**ENTRIES SHOWN**.
-=-=-
(* Let $(\mathcal{E},\mathcal{M})$ be an orthogonal factorization system on a category $\mathcal{D}$ with pullbacks, and let $\mathcal{A}$ be a category with a terminal object $1$. Let $\mathcal{E}'$ be the class of natural transformations $e$ between functors $\mathcal{A}\to\mathcal{D}$ such that $e_1\in\mathcal{E}$, and let $\mathcal{M}'$ be the class of cartesian natural transformations $m$ between functors $\mathcal{A}\to\mathcal{D}$ such that $m_1\in\mathcal{M}$. Then $(\mathcal{E}',\mathcal{M}')$ is an orthogonal factorization system on the functor category $[\mathcal{A},\mathcal{D}]$. Moreover, for every functor $G:\mathcal{A}\to\mathcal{D}$ there is an equivalence of categories $\mathcal{M}'/G \simeq \mathcal{M}/G1$.
   Context: An orthogonal factorization system $(\mathcal{E},\mathcal{M})$ on a category: both classes contain all isomorphisms and are closed under composition; for every commuting square $g\circ e = m\circ f$ with $e\in\mathcal{E}$, $m\in\mathcal{M}$ there is a unique $d$ with $d\circ e=f$ and $m\circ d=g$; every morphism factors as $m\circ e$ with $e\in\mathcal{E}$, $m\in\mathcal{M}$. A natural transformation is cartesian if all its naturality squares are pullbacks. For a class $\mathcal{N}$ of morphisms and an object $X$, $\mathcal{N}/X$ denotes the category whose objects are pairs $(S,s)$ with $s:S\to X$ in $\mathcal{N}$, and whose morphisms $(S,s)\to(S',s')$ are morphisms $f:S\to S'$ with $s'\circ f = s$. *)

From Stdlib Require Import ProofIrrelevance FunctionalExtensionality.

Record Category := {
  Ob : Type;
  Hom : Ob -> Ob -> Type;
  idm : forall a, Hom a a;
  comp : forall a b c, Hom b c -> Hom a b -> Hom a c;
  comp_assoc : forall a b c d (h : Hom c d) (g : Hom b c) (f : Hom a b),
      comp a c d h (comp a b c g f) = comp a b d (comp b c d h g) f;
  comp_id_l : forall a b (f : Hom a b), comp a b b (idm b) f = f;
  comp_id_r : forall a b (f : Hom a b), comp a a b f (idm a) = f }.

Arguments Hom {c0} a b : rename.
Arguments idm {c0} a : rename.
Arguments comp {c0 a b c} g f : rename.
Notation "g ∘ f" := (comp g f) (at level 40, left associativity).

Definition MorClass (C : Category) := forall a b : Ob C, @Hom C a b -> Prop.

Definition is_iso {C : Category} {a b : Ob C} (f : Hom a b) : Prop :=
  exists g : Hom b a, g ∘ f = idm a /\ f ∘ g = idm b.

Record is_OFS (C : Category) (E M : MorClass C) : Prop := {
  ofs_E_iso : forall a b (f : @Hom C a b), is_iso f -> E a b f;
  ofs_M_iso : forall a b (f : @Hom C a b), is_iso f -> M a b f;
  ofs_E_comp : forall a b c (g : @Hom C b c) (f : Hom a b),
      E a b f -> E b c g -> E a c (g ∘ f);
  ofs_M_comp : forall a b c (g : @Hom C b c) (f : Hom a b),
      M a b f -> M b c g -> M a c (g ∘ f);
  ofs_lift : forall a b c d (e : @Hom C a b) (m : Hom c d) (f : Hom a c) (g : Hom b d),
      E a b e -> M c d m -> g ∘ e = m ∘ f ->
      exists! dg : Hom b c, dg ∘ e = f /\ m ∘ dg = g;
  ofs_fact : forall a b (f : @Hom C a b),
      exists c (e : Hom a c) (m : Hom c b), E a c e /\ M c b m /\ m ∘ e = f }.

Definition is_pullback {C : Category} {P X Y Z : Ob C}
  (p1 : Hom P X) (p2 : Hom P Y) (f : Hom X Z) (g : Hom Y Z) : Prop :=
  f ∘ p1 = g ∘ p2 /\
  forall Q (q1 : Hom Q X) (q2 : Hom Q Y), f ∘ q1 = g ∘ q2 ->
    exists! u : Hom Q P, p1 ∘ u = q1 /\ p2 ∘ u = q2.

Definition has_pullbacks (C : Category) : Prop :=
  forall (X Y Z : Ob C) (f : Hom X Z) (g : Hom Y Z),
    exists P (p1 : Hom P X) (p2 : Hom P Y), is_pullback p1 p2 f g.

Definition is_terminal {C : Category} (t : Ob C) : Prop :=
  forall a : Ob C, exists f : Hom a t, forall g : Hom a t, g = f.

Record Functor (C D : Category) := {
  fobj : Ob C -> Ob D;
  fmap : forall a b, @Hom C a b -> @Hom D (fobj a) (fobj b);
  fmap_id : forall a, fmap a a (idm a) = idm (fobj a);
  fmap_comp : forall a b c (g : @Hom C b c) (f : Hom a b),
      fmap a c (g ∘ f) = fmap b c g ∘ fmap a b f }.

Arguments fobj {C D} F a : rename.
Arguments fmap {C D} F {a b} f : rename.

Record NatTrans {C D : Category} (F G : Functor C D) := {
  ntc : forall a, @Hom D (fobj F a) (fobj G a);
  nt_natural : forall a b (f : @Hom C a b),
      fmap G f ∘ ntc a = ntc b ∘ fmap F f }.

Arguments ntc {C D F G} n a : rename.

Lemma nt_eq {C D : Category} {F G : Functor C D} (n m : NatTrans F G) :
  (forall a, ntc n a = ntc m a) -> n = m.
Proof.
  destruct n as [n Hn], m as [m Hm]; simpl; intros H.
  assert (n = m) by (apply functional_extensionality_dep; exact H).
  subst m. f_equal. apply proof_irrelevance.
Qed.

Definition nt_id {C D : Category} (F : Functor C D) : NatTrans F F.
Proof.
  refine {| ntc := fun a => idm (fobj F a) |}.
  intros a b f. rewrite comp_id_l, comp_id_r. reflexivity.
Defined.

Definition nt_comp {C D : Category} {F G H : Functor C D}
  (m : NatTrans G H) (n : NatTrans F G) : NatTrans F H.
Proof.
  refine {| ntc := fun a => ntc m a ∘ ntc n a |}.
  intros a b f.
  rewrite comp_assoc, nt_natural, <- comp_assoc, nt_natural, comp_assoc.
  reflexivity.
Defined.

Definition FunCat (C D : Category) : Category.
Proof.
  refine {| Ob := Functor C D;
            Hom := fun F G => NatTrans F G;
            idm := nt_id;
            comp := fun F G H m n => nt_comp m n |}.
  - intros; apply nt_eq; intros; simpl; apply comp_assoc.
  - intros; apply nt_eq; intros; simpl; apply comp_id_l.
  - intros; apply nt_eq; intros; simpl; apply comp_id_r.
Defined.

Definition SliceOb {C : Category} (N : MorClass C) (X : Ob C) : Type :=
  { S : Ob C & { s : Hom S X | N S X s } }.

Definition slice_map {C : Category} {N : MorClass C} {X : Ob C}
  (x : SliceOb N X) : Hom (projT1 x) X := proj1_sig (projT2 x).

Definition SliceHom {C : Category} {N : MorClass C} {X : Ob C}
  (x y : SliceOb N X) : Type :=
  { f : Hom (projT1 x) (projT1 y) | slice_map y ∘ f = slice_map x }.

Lemma slice_hom_eq {C : Category} {N : MorClass C} {X : Ob C}
  {x y : SliceOb N X} (f g : SliceHom x y) : proj1_sig f = proj1_sig g -> f = g.
Proof.
  destruct f as [f Hf], g as [g Hg]; simpl; intros H; subst g.
  f_equal; apply proof_irrelevance.
Qed.

Definition slice_id {C : Category} {N : MorClass C} {X : Ob C}
  (x : SliceOb N X) : SliceHom x x.
Proof. exists (idm (projT1 x)). apply comp_id_r. Defined.

Definition slice_comp {C : Category} {N : MorClass C} {X : Ob C}
  {x y z : SliceOb N X} (g : SliceHom y z) (f : SliceHom x y) : SliceHom x z.
Proof.
  exists (proj1_sig g ∘ proj1_sig f).
  rewrite comp_assoc, (proj2_sig g). exact (proj2_sig f).
Defined.

Definition Slice {C : Category} (N : MorClass C) (X : Ob C) : Category.
Proof.
  refine {| Ob := SliceOb N X;
            Hom := fun x y => SliceHom x y;
            idm := slice_id;
            comp := fun x y z g f => slice_comp g f |}.
  - intros; apply slice_hom_eq; simpl; apply comp_assoc.
  - intros; apply slice_hom_eq; simpl; apply comp_id_l.
  - intros; apply slice_hom_eq; simpl; apply comp_id_r.
Defined.

Definition Fid (C : Category) : Functor C C.
Proof.
  refine {| fobj := fun a => a; fmap := fun a b f => f |}; reflexivity.
Defined.

Definition Fcomp {B C D : Category} (G : Functor C D) (F : Functor B C) : Functor B D.
Proof.
  refine {| fobj := fun a => fobj G (fobj F a);
            fmap := fun a b f => fmap G (fmap F f) |}.
  - intros; rewrite !fmap_id; reflexivity.
  - intros; rewrite !fmap_comp; reflexivity.
Defined.

Definition NatIso {C D : Category} (F G : Functor C D) : Prop :=
  exists n : NatTrans F G, forall a, is_iso (ntc n a).

Definition equivalent (C D : Category) : Prop :=
  exists (F : Functor C D) (H : Functor D C),
    NatIso (Fcomp H F) (Fid C) /\ NatIso (Fcomp F H) (Fid D).

Definition is_cartesian {C D : Category} {F G : Functor C D} (n : NatTrans F G) : Prop :=
  forall a b (f : @Hom C a b),
    is_pullback (ntc n a) (fmap F f) (fmap G f) (ntc n b).

(** The classes E' and M' on [A, D], relative to a chosen terminal object [one] of A. *)
Definition E' {A D : Category} (E : MorClass D) (one : Ob A) : MorClass (FunCat A D) :=
  fun F G (n : NatTrans F G) => E _ _ (ntc n one).

Definition M' {A D : Category} (M : MorClass D) (one : Ob A) : MorClass (FunCat A D) :=
  fun F G (n : NatTrans F G) => is_cartesian n /\ M _ _ (ntc n one).

From Stdlib Require Import IndefiniteDescription.

(* A cartesian transformation m : Z => W is determined over W by its component at the
   terminal object: a transformation d into Z with m d = g is the same as a map d_1 with
   m_1 d_1 = g_1, because each Z a is the pullback of Z 1 along W (a -> 1).  Hence lifts
   against m are computed at 1 in D and then extended, a map f : X => Y factors through the
   pullback of the M-part of f_1 along Y, and the functor a |-> G a x_{G 1} C inverts
   evaluation at 1 on M'-maps into G. *)

#[local] Arguments comp_assoc {_ _ _ _ _} h g f.
#[local] Arguments comp_id_l {_ _ _} f.
#[local] Arguments comp_id_r {_ _ _} f.
#[local] Arguments nt_natural {C D F G} n {a b} f.
#[local] Arguments fmap_comp {_ _} _ {_ _ _} _ _.
#[local] Arguments fmap_id {_ _} _ _.

Section Pullbacks.
Context {C : Category}.

Lemma iso_monic {a b x : Ob C} (i : Hom a b) (u v : Hom x a) :
  is_iso i -> i ∘ u = i ∘ v -> u = v.
Proof.
  intros [j [Hji _]] H.
  rewrite <- (comp_id_l u), <- (comp_id_l v), <- Hji, <- !comp_assoc, H.
  reflexivity.
Qed.

Lemma pullback_hom_ext {P X Y Z Q : Ob C} {p1 : Hom P X} {p2 : Hom P Y}
  {f : Hom X Z} {g : Hom Y Z} (H : is_pullback p1 p2 f g) (u v : Hom Q P) :
  p1 ∘ u = p1 ∘ v -> p2 ∘ u = p2 ∘ v -> u = v.
Proof.
  intros H1 H2. destruct H as [Hc H].
  assert (Hv : f ∘ (p1 ∘ v) = g ∘ (p2 ∘ v)) by (rewrite !comp_assoc, Hc; reflexivity).
  destruct (H Q _ _ Hv) as [w [_ Hw]].
  rewrite <- (Hw u), (Hw v); auto.
Qed.

Definition pullback_lift {P X Y Z Q : Ob C} {p1 : Hom P X} {p2 : Hom P Y}
  {f : Hom X Z} {g : Hom Y Z} (H : is_pullback p1 p2 f g)
  (q1 : Hom Q X) (q2 : Hom Q Y) (Hq : f ∘ q1 = g ∘ q2) : Hom Q P :=
  proj1_sig (constructive_indefinite_description _ (proj2 H Q q1 q2 Hq)).

Section PullbackLift.
Context {P X Y Z Q : Ob C} {p1 : Hom P X} {p2 : Hom P Y} {f : Hom X Z} {g : Hom Y Z}
  (H : is_pullback p1 p2 f g) (q1 : Hom Q X) (q2 : Hom Q Y) (Hq : f ∘ q1 = g ∘ q2).

Lemma pullback_lift_fst : p1 ∘ pullback_lift H q1 q2 Hq = q1.
Proof.
  exact (proj1 (proj1 (proj2_sig
    (constructive_indefinite_description _ (proj2 H Q q1 q2 Hq))))).
Qed.

Lemma pullback_lift_snd : p2 ∘ pullback_lift H q1 q2 Hq = q2.
Proof.
  exact (proj2 (proj1 (proj2_sig
    (constructive_indefinite_description _ (proj2 H Q q1 q2 Hq))))).
Qed.
End PullbackLift.

Lemma pullback_comparison_iso {P P' X Y Z : Ob C} {p1 : Hom P X} {p2 : Hom P Y}
  {p1' : Hom P' X} {p2' : Hom P' Y} {f : Hom X Z} {g : Hom Y Z}
  (H : is_pullback p1 p2 f g) (H' : is_pullback p1' p2' f g) (u : Hom P P') :
  p1' ∘ u = p1 -> p2' ∘ u = p2 -> is_iso u.
Proof.
  intros H1 H2. exists (pullback_lift H p1' p2' (proj1 H')).
  pose proof (pullback_lift_fst H p1' p2' (proj1 H')) as V1.
  pose proof (pullback_lift_snd H p1' p2' (proj1 H')) as V2.
  split.
  - apply (pullback_hom_ext H); rewrite comp_assoc, comp_id_r;
      [rewrite V1 | rewrite V2]; auto.
  - apply (pullback_hom_ext H'); rewrite comp_assoc, comp_id_r;
      [rewrite H1 | rewrite H2]; auto.
Qed.

Lemma pullback_of_isos {P X Y Z : Ob C} (p1 : Hom P X) (p2 : Hom P Y)
  (f : Hom X Z) (g : Hom Y Z) :
  is_iso p1 -> is_iso g -> f ∘ p1 = g ∘ p2 -> is_pullback p1 p2 f g.
Proof.
  intros Hp1 Hg Hc. split; [exact Hc|]. intros Q q1 q2 Hq.
  pose proof Hp1 as [i [_ Hpi]].
  exists (i ∘ q1). split; [split|].
  - rewrite comp_assoc, Hpi, comp_id_l. reflexivity.
  - apply (iso_monic g); [exact Hg|].
    rewrite comp_assoc, <- Hc, <- comp_assoc, (comp_assoc p1), Hpi, comp_id_l.
    exact Hq.
  - intros u [Hu _]. apply (iso_monic p1); [exact Hp1|].
    rewrite Hu, comp_assoc, Hpi, comp_id_l. reflexivity.
Qed.

Lemma pullback_compose {Fa Fb Ga Gb Ha Hb : Ob C}
  (na : Hom Fa Ga) (nb : Hom Fb Gb) (ma : Hom Ga Ha) (mb : Hom Gb Hb)
  (Ff : Hom Fa Fb) (Gf : Hom Ga Gb) (Hf : Hom Ha Hb) :
  is_pullback na Ff Gf nb -> is_pullback ma Gf Hf mb ->
  is_pullback (ma ∘ na) Ff Hf (mb ∘ nb).
Proof.
  intros [Cn Pn] [Cm Pm]. split.
  - rewrite comp_assoc, Cm, <- comp_assoc, Cn, comp_assoc. reflexivity.
  - intros Q q1 q2 Hq. rewrite <- comp_assoc in Hq.
    destruct (Pm Q q1 (nb ∘ q2) Hq) as [v [[V1 V2] Vu]].
    destruct (Pn Q v q2 V2) as [u [[U1 U2] Uu]].
    exists u. split; [split|].
    + rewrite <- comp_assoc, U1. exact V1.
    + exact U2.
    + intros u' [W1 W2]. apply Uu. split; [|exact W2].
      symmetry. apply Vu. split.
      * rewrite comp_assoc. exact W1.
      * rewrite comp_assoc, Cn, <- comp_assoc, W2. reflexivity.
Qed.

Lemma pullback_pasting {R X Y W O V : Ob C}
  (r1 : Hom R X) (r2 : Hom R Y) (f : Hom X W) (g : Hom Y W)
  (o1 : Hom O V) (o2 : Hom O Y) (k : Hom V X) (t : Hom O R) :
  is_pullback r1 r2 f g -> is_pullback o1 o2 (f ∘ k) g ->
  r1 ∘ t = k ∘ o1 -> r2 ∘ t = o2 ->
  is_pullback o1 t k r1.
Proof.
  intros Hr Ho T1 T2. split; [symmetry; exact T1|].
  intros Q q1 q2 Hq.
  assert (Hq' : (f ∘ k) ∘ q1 = g ∘ (r2 ∘ q2)).
  { rewrite <- comp_assoc, Hq, !comp_assoc, (proj1 Hr). reflexivity. }
  destruct (proj2 Ho Q q1 (r2 ∘ q2) Hq') as [u [[U1 U2] Uu]].
  exists u. split; [split|].
  - exact U1.
  - apply (pullback_hom_ext Hr).
    + rewrite comp_assoc, T1, <- comp_assoc, U1. exact Hq.
    + rewrite comp_assoc, T2. exact U2.
  - intros u' [W1 W2]. apply Uu. split; [exact W1|].
    rewrite <- T2, <- comp_assoc, W2. reflexivity.
Qed.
-=-=-
**ASSIGNED TASK**. Copy out, word for word, the part of the entries above that begins at the line with "- rewrite comp_assoc, Cm, <- comp_assoc, Cn, comp_assoc." and ends at the line with "assert (Hq' : (f", including both.

**SOLUTION TO THIS EXERCISE**.
  - rewrite comp_assoc, Cm, <- comp_assoc, Cn, comp_assoc. reflexivity.
  - intros Q q1 q2 Hq. rewrite <- comp_assoc in Hq.
    destruct (Pm Q q1 (nb ∘ q2) Hq) as [v [[V1 V2] Vu]].
    destruct (Pn Q v q2 V2) as [u [[U1 U2] Uu]].
    exists u. split; [split|].
    + rewrite <- comp_assoc, U1. exact V1.
    + exact U2.
    + intros u' [W1 W2]. apply Uu. split; [|exact W2].
      symmetry. apply Vu. split.
      * rewrite comp_assoc. exact W1.
      * rewrite comp_assoc, Cn, <- comp_assoc, W2. reflexivity.
Qed.

Lemma pullback_pasting {R X Y W O V : Ob C}
  (r1 : Hom R X) (r2 : Hom R Y) (f : Hom X W) (g : Hom Y W)
  (o1 : Hom O V) (o2 : Hom O Y) (k : Hom V X) (t : Hom O R) :
  is_pullback r1 r2 f g -> is_pullback o1 o2 (f ∘ k) g ->
  r1 ∘ t = k ∘ o1 -> r2 ∘ t = o2 ->
  is_pullback o1 t k r1.
Proof.
  intros Hr Ho T1 T2. split; [symmetry; exact T1|].
  intros Q q1 q2 Hq.
  assert (Hq' : (f ∘ k) ∘ q1 = g ∘ (r2 ∘ q2)).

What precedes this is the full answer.